Gadget geniuses and community commendation: News from the College
Here’s a batch of fresh news and announcements from across Imperial.
From helping seniors get to grips with their gadgets to special recognition for the College’s community innovation space, here is some quick-read news from across the College.
What the Tech!?
Senior White City residents are being invited to get help with their computers, gadgets and devices at The Invention Rooms in White City.
The free weekly drop-in sessions are run by a dedicated team of Imperial student and staff volunteers and take place every Wednesday at the Edwards Woods Community Centre and every Thursday at The Invention Rooms Café with free tea, coffee and cake!
Prestigious Professorship
Professor Martin Hairer, from the Department of Mathematics, has been awarded a prestigious Royal Society Research Professorship. The posts provide up to ten years of support and help release the best leading researchers from teaching and administration to allow them to focus on research.

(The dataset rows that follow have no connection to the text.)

Lemma image_factor_epi (a b Q I : C) (f : Hom C a b) (q : Hom C b Q) (i : Hom C I b)
  (e : Hom C a I) : is_cokernel f q -> is_kernel q i -> f = i ⊚ e -> epi e.
Proof.
move=> cq ki fe.
have [Q' [c cc]] := ab_coker HC e.
have [M [m km]] := ab_ker HC c.
have [e' [Ee' _]] := proj2 km _ e (proj1 cc).
have mim : mono (i ⊚ m) by apply: mono_comp; [exact: ker_mono ki | exact: ker_mono km].
have [c1 [h kh]] := ab_mono HC mim.
have hf : h ⊚ f = 0.
  by rewrite fe -Ee' (Defs.compA i m) Defs.compA (proj1 kh) comp0m.
have [h' [Eh' _]] := proj2 cq _ h hf.
have [w [Ew _]] := proj2 kh _ i ltac:(by rewrite -Eh' -Defs.compA (proj1 ki) compm0).
have mw : m ⊚ w = idm I by apply: (ker_mono ki); rewrite compm1 Defs.compA.
have c0 : c = 0 by rewrite -[c]compm1 -mw Defs.compA (proj1 km) comp0m.
apply/epiP => T u Hu; have [u' [Eu' _]] := proj2 cc _ u Hu.
by rewrite -Eu' c0 compm0.
Qed.

Lemma exact_covered (a b c x : C) (f : Hom C a b) (g : Hom C b c) (y : Hom C x b) :
  exact_at f g -> g ⊚ y = 0 -> covered f y.
Proof.
case=> gf Hex gy.
have [Q [q cq]] := ab_coker HC f.
have [I [i ki]] := ab_ker HC q.
have [K [k kk]] := ab_ker HC g.
have [u [Eu _]] := proj2 kk _ y gy.
have qy : q ⊚ y = 0 by rewrite -Eu Defs.compA (Hex _ _ _ _ kk cq) comp0m.
have [v [Ev _]] := proj2 ki _ y qy.
have [e [Ee _]] := proj2 ki _ f (proj1 cq).
have [x' [e' [z [He' E]]]] := epi_covers v (image_factor_epi cq ki (esym Ee)).
exists x', e', z; split=> //.
by rewrite -Ee -Defs.compA E Defs.compA Ev.
Qed.

Lemma exact_tomx_covered (W U V Z x : C) (g : Hom C W U) (d : Hom C (bip U V) Z)
  (a : Hom C x U) (b : Hom C x V) :
  exact_at (tomx (- g) (0 : Hom C W V)) d -> d ⊚ tomx a b = 0 -> covered g a.
Proof.
move=> Ed /(exact_covered Ed) [x' [e [w [He E]]]].
exists x', e, (- w); split=> //.
by move: (congr1 (compm bpr1) E); rewrite !tomx_comp !bpr1_tomx compNm compmN.
Qed.
(* Let $\eta_0,\eta_1,\dots$, $\mathbf{I}^\Omega$ and $\boldsymbol{\eta}^\Omega$ be as below. There exists a closed λ-term $\mathsf{Eq}$ such that for all $n\in\mathbb{N}$: $\mathsf{Eq}\,\underline{n}\,\mathbf{I}^\Omega=_\mathcal{B}\mathtt{I}$ and $\mathsf{Eq}\,\underline{n}\,\boldsymbol{\eta}^\Omega=_\mathcal{B}\eta_n$.
   Context: $\mathtt{I}=\lambda x.x$, $\Omega=(\lambda x.xx)(\lambda x.xx)$, $\underline n=\lambda fz.f^n(z)$ the Church numeral, $[M_1,\dots,M_n]=\lambda z.zM_1\cdots M_n$ ($z$ fresh), and for an effective enumeration $(M_n)_n$ (i.e. some closed $F$ has $F\underline n=_\beta M_n$) the stream $[M_n]_{n\in\mathbb{N}}$ is a λ-term with $[M_n]_{n\in\mathbb{N}}=_\beta[M_0,[M_{n+1}]_{n\in\mathbb{N}}]$. $\eta_0,\eta_1,\dots$ is an effective enumeration of closed λ-terms with $\eta_i\twoheadrightarrow_{\beta\eta}\mathtt{I}$ (finite η-expansions of the identity). $\mathbf{I}^\Omega$, $\boldsymbol{\eta}^\Omega$ are closed terms with $\mathbf{I}^\Omega yx=_\beta[y\Omega^{\sim n}x]_{n\in\mathbb{N}}$ and $\boldsymbol{\eta}^\Omega yx=_\beta[y\Omega^{\sim n}(\eta_nx)]_{n\in\mathbb{N}}$, where $y\Omega^{\sim n}$ is $y$ applied to $n$ copies of $\Omega$. $M=_\mathcal{B}N$ iff $BT(M)=BT(N)$. *)

From Stdlib Require Import Arith List Relations.
Import ListNotations.

Inductive term : Type :=
| Var : nat -> term
| App : term -> term -> term
| Lam : term -> term.

Fixpoint lift (k c : nat) (t : term) : term :=
  match t with
  | Var n => if c <=? n then Var (n + k) else Var n
  | App t1 t2 => App (lift k c t1) (lift k c t2)
  | Lam t1 => Lam (lift k (S c) t1)
  end.

Fixpoint subst (s : term) (c : nat) (t : term) : term :=
  match t with
  | Var n => if n =? c then lift c 0 s
             else if c <? n then Var (n - 1) else Var n
  | App t1 t2 => App (subst s c t1) (subst s c t2)
  | Lam t1 => Lam (subst s (S c) t1)
  end.

Inductive beta : term -> term -> Prop :=
| beta_redex : forall t s, beta (App (Lam t) s) (subst s 0 t)
| beta_appl : forall t t' s, beta t t' -> beta (App t s) (App t' s)
| beta_appr : forall t s s', beta s s' -> beta (App t s) (App t s')
| beta_lam : forall t t', beta t t' -> beta (Lam t) (Lam t').

Inductive betaeta : term -> term -> Prop :=
| be_redex : forall t s, betaeta (App (Lam t) s) (subst s 0 t)
| be_eta : forall t, betaeta (Lam (App (lift 1 0 t) (Var 0))) t
| be_appl : forall t t' s, betaeta t t' -> betaeta (App t s) (App t' s)
| be_appr : forall t s s', betaeta s s' -> betaeta (App t s) (App t s')
| be_lam : forall t t', betaeta t t' -> betaeta (Lam t) (Lam t').

Definition beta_red := clos_refl_trans term beta.
Definition betaeta_red := clos_refl_trans term betaeta.
Definition beta_conv := clos_refl_sym_trans term beta.

Fixpoint closed_at (k : nat) (t : term) : Prop :=
  match t with
  | Var n => n < k
  | App t1 t2 => closed_at k t1 /\ closed_at k t2
  | Lam t1 => closed_at (S k) t1
  end.
Definition closed (t : term) : Prop := closed_at 0 t.

Definition apps (h : term) (args : list term) : term := fold_left App args h.
Fixpoint lams (n : nat) (t : term) : term :=
  match n with 0 => t | S m => Lam (lams m t) end.

Definition has_hnf (M : term) : Prop :=
  exists n j args, beta_red M (lams n (apps (Var j) args)).

CoInductive bt_eq : term -> term -> Prop :=
| bt_unsolv : forall M N, ~ has_hnf M -> ~ has_hnf N -> bt_eq M N
| bt_hnf : forall M N n j Ms Ns,
    beta_red M (lams n (apps (Var j) Ms)) ->
    beta_red N (lams n (apps (Var j) Ns)) ->
    length Ms = length Ns ->
    (forall i, i < length Ms -> bt_eq (nth i Ms (Var 0)) (nth i Ns (Var 0))) ->
    bt_eq M N.

Definition I : term := Lam (Var 0).
Definition omega_small : term := Lam (App (Var 0) (Var 0)).
Definition Omega : term := App omega_small omega_small.

Definition church (n : nat) : term :=
  Lam (Lam (Nat.iter n (fun t => App (Var 1) t) (Var 0))).

(* [M, S] = \z. z M S  (z fresh) *)
Definition pair_t (M S : term) : term :=
  Lam (App (App (Var 0) (lift 1 0 M)) (lift 1 0 S)).

Definition effective (M : nat -> term) : Prop :=
  exists F, closed F /\ forall n, beta_conv (App F (church n)) (M n).

Definition is_stream (M : nat -> term) (S : term) : Prop :=
  exists s : nat -> term, s 0 = S /\
    forall k, beta_conv (s k) (pair_t (M k) (s (Datatypes.S k))).

(* the two free variables y, x used in the defining equations *)
Definition vy : term := Var 0.
Definition vx : term := Var 1.

(* The n-th element of a stream S is read off as n T S K, where T = λu. u (λab.b) drops the
   head and K = λab.a takes it. Evaluating the n-th element y Ω^n x of I^Ω (resp. y Ω^n (η_n x)
   of η^Ω) at y := n K I, which discards its first n arguments and then behaves as I, and at
   x := z gives Eq n I^Ω =β λz.z and Eq n η^Ω =β λz. η_n z. Finally λz. M z and M have the same
   Böhm tree for closed M: if M has a head normal form it starts with an abstraction, so
   λz. M z =β M, and if not, λz. M z is unsolvable as well. *)
From Stdlib Require Import Arith List Relations Lia Classical.
Import ListNotations.

Ltac index_cases := repeat (cbn [lift subst] in *; match goal with
 | |- context [?a <=? ?b] => destruct (Nat.leb_spec a b)
 | |- context [?a =? ?b] => destruct (Nat.eqb_spec a b)
 | |- context [?a <? ?b] => destruct (Nat.ltb_spec a b)
 end); try (exfalso; lia); try reflexivity; try (f_equal; lia).

Lemma lift_0 t c : lift 0 c t = t.
Proof. revert c; induction t; intros; simpl; f_equal; auto; index_cases. Qed.

Lemma lift_lift_comm t j k c d : c <= d ->
  lift k c (lift j d t) = lift j (d + k) (lift k c t).
Proof.
  revert j k c d; induction t; intros; cbn [lift]; [index_cases | f_equal; auto |].
  f_equal; rewrite IHt by lia; reflexivity.
Qed.

Lemma lift_lift_fuse t j k c d : c <= d <= c + k ->
  lift j d (lift k c t) = lift (j + k) c t.
Proof.
  revert j k c d; induction t; intros; cbn [lift]; [index_cases | f_equal; auto |].
  f_equal; apply IHt; lia.
Qed.

Lemma lift_subst_lo t s k c d : d <= c ->
  lift k c (subst s d t) = subst (lift k (c - d) s) d (lift k (S c) t).
Proof.
  revert s k c d; induction t; intros; cbn [lift subst]; [| f_equal; auto |].
  - index_cases. subst n. rewrite (lift_lift_comm s k d 0 (c - d)) by lia. f_equal; lia.
  - f_equal; rewrite IHt by lia; reflexivity.
Qed.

Professor Hairer is a leader in the fields of stochastic analysis and dynamics, describing the mathematics behind the random – or at least systems whose wild fluctuations appear random.
With stochastic systems becoming increasingly understood in terms of stochastic partial differential equations, Professor Hairer aims to use his professorship to justify just such equations, helping to explain how they arise naturally from smaller, more fundamental principles and how it is that they are ‘universal’.
Fire expert weighs in on Notre Dame
On 15 April, the roof of the Notre Dame in Paris caught fire and sustained serious damage.
Leading fire expert Professor Guillermo Rein, of Imperial’s Department of Mechanical Engineering, spoke to media about the incident and response from the fire service.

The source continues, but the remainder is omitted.